Fortunately for us (as well as the locals who rely on tourism for their livelihoods) several trails within the the park reopened in late 2017 with close control to maintain conservation. These are spectacular routes which we’ll provide more information about below, but we feel it is important to note that the indigenous reserve, the full circuit trail, and all access to glaciers remains strictly closed to tourism. There is no expectation from locals that this will change in the foreseeable future, though it’s always worth checking…

Tourism to El Cocuy is slowly recovering, but it remains one of the quietest, most authentic places we visited throughout Colombia. The cobbled streets of the purely white & green painted town, the cowboys in the plains, and the vast snow gilded peaks - we felt like we’d stumbled upon a wonderful & dramatic secret.


Things to know before you go: 

Planning a trip to El Cocuy took a fair bit of research & organisation.
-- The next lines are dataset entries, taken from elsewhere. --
(* Everything is an identity between formal power series in z (handled through
   their polynomial truncations); with g = u f, H = 1/(u (f - x)) means
   H (g - x u) = 1.
   (1), (3): in H (g - x u) = 1 the coefficients of x^(k+1) z^(k+2) and of
   x^(k+1) z^(k+3) involve only the three or four top coefficients of the monic
   P_n, and show that alpha_n, beta_n do not depend on n >= 2.  Conversely, if
   they equal a, b from n = 2 on, the recurrence gives
   H (1 - (x - a) z + b z^2) = N := 1 + a' z + b' z^2; since
   1/(1 - (x - a) z + b z^2) generates the Q_n, this is (3), and u = z/N,
   g = (1 + a z + b z^2)/N solve (1).
   (2): apply the moment functional L coefficientwise in z.  Orthogonality gives
   L[H] = 1, while H g = 1/(1 - x t) = sum_k x^k t^k with t = u/g; hence
   g = sum_k m_k t^k, i.e. Ghat(t) = u where Ghat(z) = G_nu(1/z).  When
   Ghat(z psi) = z, the series z psi is also a left inverse of Ghat (right
   inverses exist by a z-adic contraction argument), so t = u (psi o u), that is
   1/g = psi o u and g = (1/psi) o u. *)

From HB Require Import structures.
From mathcomp Require Import all_boot all_order all_algebra.
From mathcomp Require Import all_classical all_reals all_analysis.
From mathcomp Require Import ring lra zify.
Import Order.TTheory GRing.Theory Num.Theory.
Set Implicit Arguments. Unset Strict Implicit. Unset Printing Implicit Defensive.
Local Open Scope ring_scope.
We met at least 3 other visitors once we arrived who hadn’t realised a number of the following points & were faced with having to organise everything last minute. They ended up wasting an entire day of their trip, limiting how much hiking they could realistically complete.

To avoid the same, a quick summary of top things to know before you visit El Cocuy:

  • The nearest town to the park is El Cocuy & this is a good place to base yourself before & after any multi-day hikes 

  • You must have a guide to hike in the park (see our section on guides below)

  • You must register before you enter the park in either El Cocuy or Guican municipalities 

  • You must have Rescue & Assistance insurance before entering the park. 

    • This is on top of any existing travel insurance & can be purchased at El Cocuy & Guican Municipalities (at the same place you register)

  • Each trail has a carrying capacity. Given the current low levels of tourism, we were told this is hardly ever reached, but it is worth nothing especially if you visit in high season (Dec - Jan). See below for details.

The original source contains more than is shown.